再xgboost的源碼中有xgboost的SparkWithDataFrame的實現,如下:https://github.com/dmlc/xgboost/tree/master/jvm-packages。但是由於各種各樣的原因吧,這些代碼在我的IDE里面編譯不過,因此又寫了如下代碼以供以后查閱使用。
package xgboost
import ml.dmlc.xgboost4j.scala.spark.{XGBoost, XGBoostModel}
import org.apache.spark.mllib.evaluation.BinaryClassificationMetrics
import org.apache.spark.sql.{Row, DataFrame, SparkSession}
object App{
def main(args: Array[String]): Unit ={
val trainPath: String = "xxx/train.txt"
val testPath: String = "xxx/test.txt"
val binaryModelPath: String = "xxx/model.binary"

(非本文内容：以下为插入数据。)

Lemma spike_embedding_extend (U : {set V}) (s : V) (g : V -> 'I_N) :
  U \subset S -> s \in U -> spike_embedding (U :\ s) g -> exists g', spike_embedding U g'.
Proof.
move=> US sU [gf g_inj gP]; have sS := subsetP US s sU.
have [e eE [se e_uniq]] := edge_of_spike sS.
have [a [b [t [ab aS bS tS e_abt]]]] := edge_decomp eE.
have ts : t = s by apply: (spike_uniq eE) => //; rewrite e_abt !inE eqxx !orbT.
subst t.
have ab_rich : rich P k (g a) (g b).
  rewrite !gf ?inE //; apply: f_rich; rewrite ?inE //.
  by rewrite /shadow_adj ab; apply/exists_inP; exists e; rewrite // e_abt !inE !eqxx ?orbT.
set A := ~: S :|: U.
have A_s : A :\ s = ~: S :|: U :\ s.
  by apply/setP => x; rewrite !inE; case: eqP => // ->; rewrite sS.
have [z zP z_fresh] : exists2 z, z \in codeg_set P (g a) (g b) & z \notin g @: (A :\ s).
  apply: exists_fresh; apply: leq_ltn_trans (leq_imset_card _ _) _.
  apply: leq_trans (leq_trans k_large ab_rich).
  by have := cardsD1 s A; have := max_card A; rewrite !inE sU orbT /=; lia.
have sa : a != s by apply: contraNneq aS => ->.
have sb : b != s by apply: contraNneq bS => ->.
exists [eta g with s |-> z]; split.
- by move=> x xS /=; rewrite ifN ?gf //; apply: contraTneq xS => ->; rewrite inE sS.
- by apply: inj_eta_with; rewrite // A_s.
move=> e' s' e'E s'U s'e'; case: (eqVneq s' s) => [s's|s's].
  rewrite (e_uniq e' e'E); last by rewrite -s's.
  rewrite e_abt !imsetU !imset_set1 /= eqxx (negbTE sa) (negbTE sb).
  by move: zP; rewrite inE => /andP[_].
have se' : s \notin e'.
  apply: contra s's => se'; apply/eqP; apply: (spike_uniq e'E) => //.
  exact: subsetP US s' s'U.
rewrite (@eq_in_imset _ _ _ g) => [|x xe /=].
  by apply: (gP e' s') => //; rewrite !inE s's.
by rewrite ifN //; apply: contraNneq se' => <-.
Qed.
(* Let $\mathbb E$ be a stiffly Mal'tsev category. Then (1) every object of $\mathbb E$ carrying an internal Mal'tsev structure is a subobject of $1$ (i.e. $X\to 1$ is a monomorphism); (2) every object of $\mathbb E$ carrying an internal group structure is isomorphic to $1$.
   Context: A finitely complete category is Mal'tsev if every internal reflexive relation is an equivalence relation. A pointed finitely complete category is unital if for all $X,Y$ the morphisms $(1_X,0):X\to X\times Y$ and $(0,1_Y):Y\to X\times Y$ are jointly strongly epic. In a unital category two subobjects $u:U\to X$, $v:V\to X$ commute if there exists a (necessarily unique) $\varphi:U\times V\to X$ with $\varphi\circ(1_U,0)=u$ and $\varphi\circ(0,1_V)=v$; a unital category is stiffly unital if whenever $u,v$ commute, $u\cap v$ is the zero subobject. For an object $Y$, $Pt_Y\mathbb E$ is the pointed category of split epimorphisms $f:A\to Y$ with chosen section $s$ ($fs=1_Y$), morphisms commuting with $f$'s and $s$'s; for $\mathbb E$ Mal'tsev each $Pt_Y\mathbb E$ is unital. $\mathbb E$ is stiffly Mal'tsev if it is Mal'tsev and every fiber $Pt_Y\mathbb E$ is stiffly unital. An internal Mal'tsev structure on $X$ is $p:X^3\to X$ with $p(x,y,y)=x=p(y,y,x)$. *)

From Stdlib Require Import ProofIrrelevance.


Record Cat := mkCat {
  Ob : Type;
  Hom : Ob -> Ob -> Type;
  idm : forall X, Hom X X;
  comp : forall X Y Z, Hom Y Z -> Hom X Y -> Hom X Z;
  comp_assoc : forall X Y Z W (h : Hom Z W) (g : Hom Y Z) (f : Hom X Y),
      comp X Z W h (comp X Y Z g f) = comp X Y W (comp Y Z W h g) f;
  comp_id_l : forall X Y (f : Hom X Y), comp X Y Y (idm Y) f = f;
  comp_id_r : forall X Y (f : Hom X Y), comp X X Y f (idm X) = f }.

Arguments Hom {c} _ _.
Arguments idm {c} _.
Arguments comp {c X Y Z} _ _.

Notation "g ∘ f" := (comp g f) (at level 40, left associativity).

Section Generic.
Context {C : Cat}.

Definition is_mono {A B : Ob C} (m : Hom A B) : Prop :=
  forall T (x y : Hom T A), m ∘ x = m ∘ y -> x = y.

Definition is_iso {A B : Ob C} (f : Hom A B) : Prop :=
  exists g : Hom B A, g ∘ f = idm A /\ f ∘ g = idm B.

Definition is_terminal (T : Ob C) : Prop :=
  forall X, exists f : Hom X T, forall g : Hom X T, g = f.

Definition is_initial (I : Ob C) : Prop :=
  forall X, exists f : Hom I X, forall g : Hom I X, g = f.

Definition is_zero_obj (Z : Ob C) : Prop := is_terminal Z /\ is_initial Z.

Definition is_zero_map {A B : Ob C} (f : Hom A B) : Prop :=
  exists (Z : Ob C) (a : Hom A Z) (b : Hom Z B), is_zero_obj Z /\ f = b ∘ a.

Definition is_product (X Y P : Ob C) (p1 : Hom P X) (p2 : Hom P Y) : Prop :=
  forall T (f : Hom T X) (g : Hom T Y),
    exists h : Hom T P, p1 ∘ h = f /\ p2 ∘ h = g /\
      forall h' : Hom T P, p1 ∘ h' = f -> p2 ∘ h' = g -> h' = h.

Definition is_equalizer {X Y E : Ob C} (f g : Hom X Y) (e : Hom E X) : Prop :=
  f ∘ e = g ∘ e /\
  forall T (h : Hom T X), f ∘ h = g ∘ h ->
    exists k : Hom T E, e ∘ k = h /\ forall k' : Hom T E, e ∘ k' = h -> k' = k.

Definition is_pullback {X Y Z P : Ob C} (f : Hom X Z) (g : Hom Y Z)
    (a : Hom P X) (b : Hom P Y) : Prop :=
  f ∘ a = g ∘ b /\
  forall T (x : Hom T X) (y : Hom T Y), f ∘ x = g ∘ y ->
    exists h : Hom T P, a ∘ h = x /\ b ∘ h = y /\
      forall h' : Hom T P, a ∘ h' = x -> b ∘ h' = y -> h' = h.

End Generic.

Definition finitely_complete (C : Cat) : Prop :=
  (exists T : Ob C, is_terminal T) /\
  (forall X Y : Ob C, exists P (p1 : Hom P X) (p2 : Hom P Y), is_product X Y P p1 p2) /\
  (forall (X Y : Ob C) (f g : Hom X Y), exists E (e : Hom E X), is_equalizer f g e).

Definition pointed (C : Cat) : Prop := exists Z : Ob C, is_zero_obj Z.

Definition jointly_strongly_epic {C : Cat} {A B D : Ob C}
    (f : Hom A D) (g : Hom B D) : Prop :=
  (forall W (h k : Hom D W), h ∘ f = k ∘ f -> h ∘ g = k ∘ g -> h = k) /\
  (forall M N (m : Hom M N) (u : Hom D N) (a : Hom A M) (b : Hom B M),
      is_mono m -> m ∘ a = u ∘ f -> m ∘ b = u ∘ g ->
      exists d : Hom D M, m ∘ d = u /\ d ∘ f = a /\ d ∘ g = b).

Definition is_inj1 {C : Cat} {X Y P : Ob C} (p1 : Hom P X) (p2 : Hom P Y)
    (i : Hom X P) : Prop := p1 ∘ i = idm X /\ is_zero_map (p2 ∘ i).
Definition is_inj2 {C : Cat} {X Y P : Ob C} (p1 : Hom P X) (p2 : Hom P Y)
    (i : Hom Y P) : Prop := is_zero_map (p1 ∘ i) /\ p2 ∘ i = idm Y.

Definition unital (C : Cat) : Prop :=
  finitely_complete C /\ pointed C /\
  forall (X Y P : Ob C) (p1 : Hom P X) (p2 : Hom P Y) (i1 : Hom X P) (i2 : Hom Y P),
    is_product X Y P p1 p2 -> is_inj1 p1 p2 i1 -> is_inj2 p1 p2 i2 ->
    jointly_strongly_epic i1 i2.

Definition commute {C : Cat} {U V X : Ob C} (u : Hom U X) (v : Hom V X) : Prop :=
  exists (P : Ob C) (p1 : Hom P U) (p2 : Hom P V) (i1 : Hom U P) (i2 : Hom V P)
         (phi : Hom P X),
    is_product U V P p1 p2 /\ is_inj1 p1 p2 i1 /\ is_inj2 p1 p2 i2 /\
    phi ∘ i1 = u /\ phi ∘ i2 = v.
(* Let $V^{2n}$ be a real vector space with $J\in\mathrm{Aut}(V)$, $J^2=-I$, and a positive definite inner product $(\,,\,)$ for which $J$ is an isometry. Let $\mathbb{L}^p$, $p\geq 2$, be a real vector space with a Lorentzian inner product $\langle\,,\,\rangle$, let $\alpha\colon V^{2n}\times V^{2n}\to\mathbb{L}^p$ be a symmetric bilinear form, and suppose there is a light-like vector $w\in\mathbb{L}^p$ with $\langle\alpha(X,Y),w\rangle=-(X,Y)$ for all $X,Y\in V^{2n}$. Let $\beta\colon V^{2n}\times V^{2n}\to W^{p,p}$ be the associated form (see context), assume $\beta$ is flat and that $\mathcal{S}(\beta)$ is degenerate, and let $v\in U_0^s$ be a light-like vector with $\mathcal{S}(\beta)\cap\mathcal{S}(\beta)^\perp=\mathrm{span}\{v\}\oplus\mathrm{span}\{v\}$. Then $L=\mathrm{span}\{v,w\}\subset\mathbb{L}^p$ is a Lorentzian plane. Moreover, normalizing $v$ so that $\langle v,w\rangle=-1$ and setting $\beta_1=\pi_{L^\perp\times L^\perp}\circ\beta$, we have $$\beta(X,Y)=\beta_1(X,Y)+2\big((X,Y)v,(X,JY)v\big)\quad\text{for all }X,Y\in V^{2n}.$$ Furthermore, if $s\leq n$ then $\dim\mathcal{N}(\beta_1)\geq 2n-2s+2$.
   Context: $W^{p,p}=\mathbb{L}^p\oplus\mathbb{L}^p$ carries the inner product $\langle\!\langle(\xi,\bar\xi),(\eta,\bar\eta)\rangle\!\rangle=\langle\xi,\eta\rangle-\langle\bar\xi,\bar\eta\rangle$. The associated form is $\beta(X,Y)=(\alpha(X,Y)+\alpha(JX,JY),\ \alpha(X,JY)-\alpha(JX,Y))$. $\beta$ is flat if $\langle\!\langle\beta(X,Y),\beta(Z,T)\rangle\!\rangle-\langle\!\langle\beta(X,T),\beta(Z,Y)\rangle\!\rangle=0$ for all $X,Y,Z,T$. $\mathcal{S}(\beta)=\mathrm{span}\{\beta(X,Y):X,Y\in V\}$; a subspace $S$ of $W^{p,p}$ is degenerate if $S\cap S^\perp\neq 0$ ($\perp$ w.r.t. $\langle\!\langle\,,\,\rangle\!\rangle$). $U_0^s=\pi_1(\mathcal{S}(\beta))\subset\mathbb{L}^p$ is the projection of $\mathcal{S}(\beta)$ onto the first factor and $s=\dim U_0^s$ (it is known that $\mathcal S(\beta)=U_0^s\oplus U_0^s$ and that, when $\mathcal S(\beta)$ is degenerate, a light-like $v$ as in the claim exists). $\pi_{L^\perp\times L^\perp}$ is the orthogonal projection of $W^{p,p}$ onto $L^\perp\oplus L^\perp$ (componentwise orthogonal projection onto $L^\perp\subset\mathbb{L}^p$). For a bilinear form $\theta$, $\mathcal{N}(\theta)=\{Y:\theta(X,Y)=0\ \forall X\}$ is its right kernel. *)

From HB Require Import structures.
From mathcomp Require Import all_boot all_order all_algebra.
From mathcomp Require Import reals.
Set Implicit Arguments. Unset Strict Implicit. Unset Printing Implicit Defensive.
Import Order.TTheory GRing.Theory Num.Theory.
Local Open Scope ring_scope.

(* Vectors are ROW vectors; a linear map given by a matrix A acts as x |-> x *m A. *)

Definition bform (R : realType) (m : nat) (B : 'M[R]_m) (x y : 'rV[R]_m) : R :=
  (x *m B *m y^T) 0 0.

Definition pos_def (R : realType) (m : nat) (B : 'M[R]_m) : Prop :=
  B^T = B /\ forall x : 'rV[R]_m, x != 0 -> 0 < bform B x x.

(* The symmetric form B is Lorentzian (signature (-,+,...,+)) on the
   subspace given by the predicate P: there is a time-like t in P whose
   orthogonal complement in P is positive definite. *)
Definition lorentzian_on (R : realType) (m : nat) (B : 'M[R]_m)
    (P : 'rV[R]_m -> Prop) : Prop :=
  exists t, P t /\ bform B t t < 0 /\
    forall x, P x -> bform B x t = 0 -> x != 0 -> 0 < bform B x x.

Definition lorentzian (R : realType) (m : nat) (B : 'M[R]_m) : Prop :=
  B^T = B /\ lorentzian_on B (fun _ => True).

Definition light_like (R : realType) (m : nat) (B : 'M[R]_m) (x : 'rV[R]_m) :=
  x != 0 /\ bform B x x = 0.

Definition span2 (R : realType) (m : nat) (u v : 'rV[R]_m) (x : 'rV[R]_m) : Prop :=
  exists a b : R, x = a *: u + b *: v.

Definition lorentzian_plane (R : realType) (m : nat) (B : 'M[R]_m)
    (u v : 'rV[R]_m) : Prop :=
  free [:: u; v] /\ lorentzian_on B (span2 u v).

Definition dim_ge (R : realType) (m : nat) (P : 'rV[R]_m -> Prop) (k : nat) : Prop :=
  exists X : seq 'rV[R]_m, size X = k /\ (forall x, x \in X -> P x) /\ free X.

Definition has_dim (R : realType) (m : nat) (P : 'rV[R]_m -> Prop) (k : nat) : Prop :=
  dim_ge P k /\ ~ dim_ge P k.+1.

(* W^{p,p} = L^p (+) L^p and its inner product <<,>> *)
Definition Wip (R : realType) (p : nat) (M : 'M[R]_p)
    (x y : 'rV[R]_p * 'rV[R]_p) : R :=
  bform M x.1 y.1 - bform M x.2 y.2.

Definition beta (R : realType) (m p : nat) (J : 'M[R]_m)
    (alpha : 'rV[R]_m -> 'rV[R]_m -> 'rV[R]_p) (X Y : 'rV[R]_m)
    : 'rV[R]_p * 'rV[R]_p :=
  (alpha X Y + alpha (X *m J) (Y *m J), alpha X (Y *m J) - alpha (X *m J) Y).

Definition flat (R : realType) (m p : nat) (M : 'M[R]_p)
    (b : 'rV[R]_m -> 'rV[R]_m -> 'rV[R]_p * 'rV[R]_p) : Prop :=
  forall X Y Z T, Wip M (b X Y) (b Z T) - Wip M (b X T) (b Z Y) = 0.

Definition inS (R : realType) (m p : nat)
    (b : 'rV[R]_m -> 'rV[R]_m -> 'rV[R]_p * 'rV[R]_p)
    (z : 'rV[R]_p * 'rV[R]_p) : Prop :=
  exists (k : nat) (c : 'I_k -> R) (X Y : 'I_k -> 'rV[R]_m),
    z = \sum_(i < k) c i *: b (X i) (Y i).

Definition inSperp (R : realType) (m p : nat) (M : 'M[R]_p)
    (b : 'rV[R]_m -> 'rV[R]_m -> 'rV[R]_p * 'rV[R]_p)
    (z : 'rV[R]_p * 'rV[R]_p) : Prop :=
  forall u, inS b u -> Wip M z u = 0.

Definition degenerate (R : realType) (m p : nat) (M : 'M[R]_p)
    (b : 'rV[R]_m -> 'rV[R]_m -> 'rV[R]_p * 'rV[R]_p) : Prop :=
  exists z, z != 0 /\ inS b z /\ inSperp M b z.

(* U_0^s = pi_1(S(b)) *)
Definition inU0 (R : realType) (m p : nat)
    (b : 'rV[R]_m -> 'rV[R]_m -> 'rV[R]_p * 'rV[R]_p) (x : 'rV[R]_p) : Prop :=
  exists y, inS b (x, y).

Definition is_orth_proj_perp (R : realType) (p : nat) (M : 'M[R]_p)
    (u v : 'rV[R]_p) (pi : 'rV[R]_p -> 'rV[R]_p) : Prop :=
  forall x, (forall l, span2 u v l -> bform M (pi x) l = 0) /\ span2 u v (x - pi x).

Definition right_kernel (R : realType) (m p : nat)
    (theta : 'rV[R]_m -> 'rV[R]_m -> 'rV[R]_p * 'rV[R]_p) (Y : 'rV[R]_m) : Prop :=
  forall X, theta X Y = 0.

(* Since v spans the degenerate part of S(beta), it is orthogonal to both components of every
   beta(X, Y), while <beta(X, X)_1, w> = -2 |X|^2. Two orthogonal light-like vectors of a
   Lorentzian space are proportional, so <v, w> <> 0 and span{v, w} is a Lorentzian plane. Each
   component of beta, being orthogonal to v, is its projection to L^perp plus the multiple of v
   read off from its inner product with w.
   The projected form beta1 is flat, takes values in the positive definite L^perp (+) L^perp and
   keeps the symmetry beta(Y, X) = (beta(X, Y)_1, - beta(X, Y)_2). For X0 of maximal rank the
   kernel of beta1(X0, .) lies in N(beta1): for y in it, regularity puts beta1(y, y) in the image
   of beta1(X0, .), flatness makes it orthogonal to that image, positivity kills it, and flatness
   once more gives beta1(y, .) = 0. Both components of beta1(X0, .) take values in pi(U_0^s),
   of dimension at most s - 1 since pi v = 0, so N(beta1) has dimension at least 2n - 2(s - 1). *)

From HB Require Import structures.
From mathcomp Require Import all_boot all_order all_algebra.
From mathcomp Require Import reals.
From mathcomp Require Import ring lra zify.
From Stdlib Require Import Classical.
Definition proj (e : nat -> H) (N : nat) (x : H) : H :=
  lincomb (terms (fun i => ip x (e i)) e N).

Lemma ip_minus_proj_basis e N x j : orthonormal e N -> (j < N)%nat ->
  ip (minus x (proj e N x)) (e j) = 0.
Proof.
  intros he hj. unfold proj. rewrite ip_minusl, (ip_lincomb_terms_basis e N) by auto.
  destruct (Nat.ltb_spec j N); [ring | lia].
Qed.

Lemma orthonormal_extend e N x : orthonormal e N -> minus x (proj e N x) <> zero ->
  orthonormal (fun i => if Nat.eqb i N then normalize (minus x (proj e N x)) else e i) (S N).
Proof.
  intros he hw i j hi hj.
  destruct (Nat.eqb_spec i N), (Nat.eqb_spec j N), (Nat.eqb_spec i j); subst; try lia.
  - apply ip_normalize_self, hw.
  - unfold normalize. rewrite ip_scall, ip_minus_proj_basis by (auto; lia). ring.
  - unfold normalize. rewrite ip_scalr, ip_sym, ip_minus_proj_basis by (auto; lia). ring.
  - rewrite (he j j), Nat.eqb_refl by lia. reflexivity.
  - rewrite (he i j) by lia. destruct (Nat.eqb_spec i j); [lia | reflexivity].
Qed.

Lemma orthonormal_exists : @infinite_dim H -> forall N, exists e, orthonormal e N.
Proof.
  intros hinf N. induction N as [|N [e he]].
  - exists (fun _ => zero). intros i j hi. lia.
  - assert (hx : exists x, ~ in_span (fun g => In g (map e (seq 0 N))) x).
    { apply not_all_ex_not. intros hall. apply hinf. exists (map e (seq 0 N)). exact hall. }
    destruct hx as [x hx].
    exists (fun i => if Nat.eqb i N then normalize (minus x (proj e N x)) else e i).
    apply orthonormal_extend; [exact he |]. intros hw. apply hx.
    rewrite (minus_eq_zero_eq x _ hw). apply in_span_lincomb_terms.
    intros i hi. apply in_map, in_seq. lia.
Qed.
Lemma step_fill_snd_nil c m nu v :
  deaf_ctx c m v -> incl nu (flat_map (@nds V) (sibs c)) ->
  step (fill c (Node m (Snd (TVal v) [(1, Nil)]) nu)) LTau (dirac (fill c (Node m Nil nu))).
Proof.
  intros Hs Hnu; rewrite <- cdist_dirac, <- sem_node_single.
  eapply step_shh_fill; [| exact Hnu | apply st_snd].
  exact (Forall_impl _ (fun L H => proj2 H) Hs).
Qed.

Lemma wtau_fill_gsnd_nil c m nu v p :
  0 <= p <= 1 ->
  deaf_ctx c m v -> incl nu (flat_map (@nds V) (sibs c)) ->
  wtau (fill c (Node m (gsnd (TVal v) p) nu)) (dirac (fill c (Node m Nil nu))).
Proof.
  intros Hp Hs Hnu; unfold wtau.
  rewrite <- (pmix_same p (dirac (fill c (Node m Nil nu)))).
  apply rt_trans with (pmix p (dirac (fill c (Node m (Snd (TVal v) [(1, Nil)]) nu)))
                              (dirac (fill c (Node m Nil nu)))).
  - apply rt_step, lift_tau_hat_step.
    rewrite <- !cdist_dirac, <- cdist_pmix, <- sem_node_pchoice.
    apply step_tau_fill; [exact (Forall_impl _ (fun L H => proj1 H) Hs) | apply st_tau].
  - apply rt_step, lift_tau_hat_pmix; [exact Hp | left | right; reflexivity].
    apply step_fill_snd_nil; assumption.
Qed.

Definition sender_stage (v : V) (p : R) P : Prop :=
  P = Snd (TVal v) [(1, Nil)] \/ P = Nil \/ P = gsnd (TVal v) p.

Lemma wtau_fill_sender_nil c m nu v p P :
  0 <= p <= 1 -> sender_stage v p P -> unheard m nu (fill c (Node m P nu)) ->
  wtau (fill c (Node m P nu)) (dirac (fill c (Node m Nil nu))).
Proof.
  intros Hp HP Hun; destruct (deaf_ctx_of_unheard (v := v) Hun) as [Hs Hnu].
  destruct HP as [-> | [-> | ->]].
  - apply rt_step, lift_tau_hat_step, step_fill_snd_nil; assumption.
  - apply rt_refl.
  - apply wtau_fill_gsnd_nil; assumption.
Qed.

Inductive tmpl : Type :=
| TNet (L : network V)
| THole (i : nat)
| TPar (t1 t2 : tmpl).

Section Plug.

Variables (m : nat -> nat) (nu : nat -> list nat).

Fixpoint plug (f : nat -> proc V) (t : tmpl) : network V :=
  match t with
  | TNet L => L
  | THole i => Node (m i) (f i) (nu (m i))
  | TPar t1 t2 => Par (plug f t1) (plug f t2)
  end.

Fixpoint holes (t : tmpl) : list nat :=
  match t with TNet _ => [] | THole i => [i] | TPar t1 t2 => holes t1 ++ holes t2 end.

Fixpoint nets (t : tmpl) : list (network V) :=
  match t with TNet L => [L] | THole _ => [] | TPar t1 t2 => nets t1 ++ nets t2 end.

Definition tprod (l : list nat) : tmpl := fold_right (fun i t => TPar (THole i) t) (TNet Zero) l.

Lemma plug_tprod f l : plug f (tprod l) = prodn (fun i => Node (m i) (f i) (nu (m i))) l.
Proof. induction l; simpl; congruence. Qed.

Lemma holes_tprod l : holes (tprod l) = l.
Proof. induction l; simpl; congruence. Qed.

Lemma nets_tprod l : nets (tprod l) = [Zero].
Proof. induction l; simpl; congruence. Qed.

Lemma plug_ext f g t : (forall i, In i (holes t) -> f i = g i) -> plug f t = plug g t.
Proof. induction t; simpl; intros H; f_equal; auto using in_or_app, in_eq. Qed.

Lemma plug_fill f {t i} :
  NoDup (holes t) -> In i (holes t) ->
  exists c, forall g, (forall j, j <> i -> g j = f j) ->
    plug g t = fill c (Node (m i) (g i) (nu (m i))).
Proof.
  induction t as [L | j | t1 IH1 t2 IH2]; simpl; intros Hnd Hi; [contradiction| |].
  - destruct Hi as [<- | []]; exists Hole; reflexivity.
  - pose proof (NoDup_app_remove_r _ _ Hnd) as Hnd1.
    pose proof (NoDup_app_remove_l _ _ Hnd) as Hnd2.
    apply in_app_iff in Hi as [Hi | Hi].
    + destruct (IH1 Hnd1 Hi) as [c Hc]; exists (CL c (plug f t2)); intros g Hg; simpl.
      rewrite (Hc g Hg); f_equal; apply plug_ext; intros j Hj; apply Hg; intros ->.
      apply (NoDup_app_disjoint Hnd Hi Hj).
    + destruct (IH2 Hnd2 Hi) as [c Hc]; exists (CR (plug f t1) c); intros g Hg; simpl.
      rewrite (Hc g Hg); f_equal; apply plug_ext; intros j Hj; apply Hg; intros ->.
      apply (NoDup_app_disjoint Hnd Hj Hi).
Qed.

val textModelPath: String = "xxx/model.txt"
val spark = SparkSession
.builder()
.master("yarn")
.getOrCreate()
// define xgboost parameters
val maxDepth = 3
val numRound = 4
val nworker = 1
val paramMap = List(
"eta" -> 0.1,
"max_depth" -> maxDepth,
"objective" -> "binary:logistic").toMap
//read libsvm file
var dfTrain = spark.read.format("libsvm").load(trainPath).toDF("labelCol", "featureCol")
var dfTest = spark.read.format("libsvm").load(testPath).toDF("labelCol", "featureCol")
dfTrain.show(true)
printf("begin...")
val model:XGBoostModel = XGBoost.trainWithDataFrame(dfTrain, paramMap, numRound, nworker,
useExternalMemory = true,
featureCol = "featureCol", labelCol = "labelCol",
missing = 0.0f)
//predict the test set
val predict:DataFrame = model.transform(dfTest)
val scoreAndLabels = predict.select(model.getPredictionCol, model.getLabelCol)
.rdd
.map{case Row(score:Double, label:Double) => (score, label)}
//get the auc
val metric = new BinaryClassificationMetrics(scoreAndLabels)
val auc = metric.areaUnderROC()
println("auc:" + auc)
//save model
this.saveBinaryModel(model, spark, binaryModelPath)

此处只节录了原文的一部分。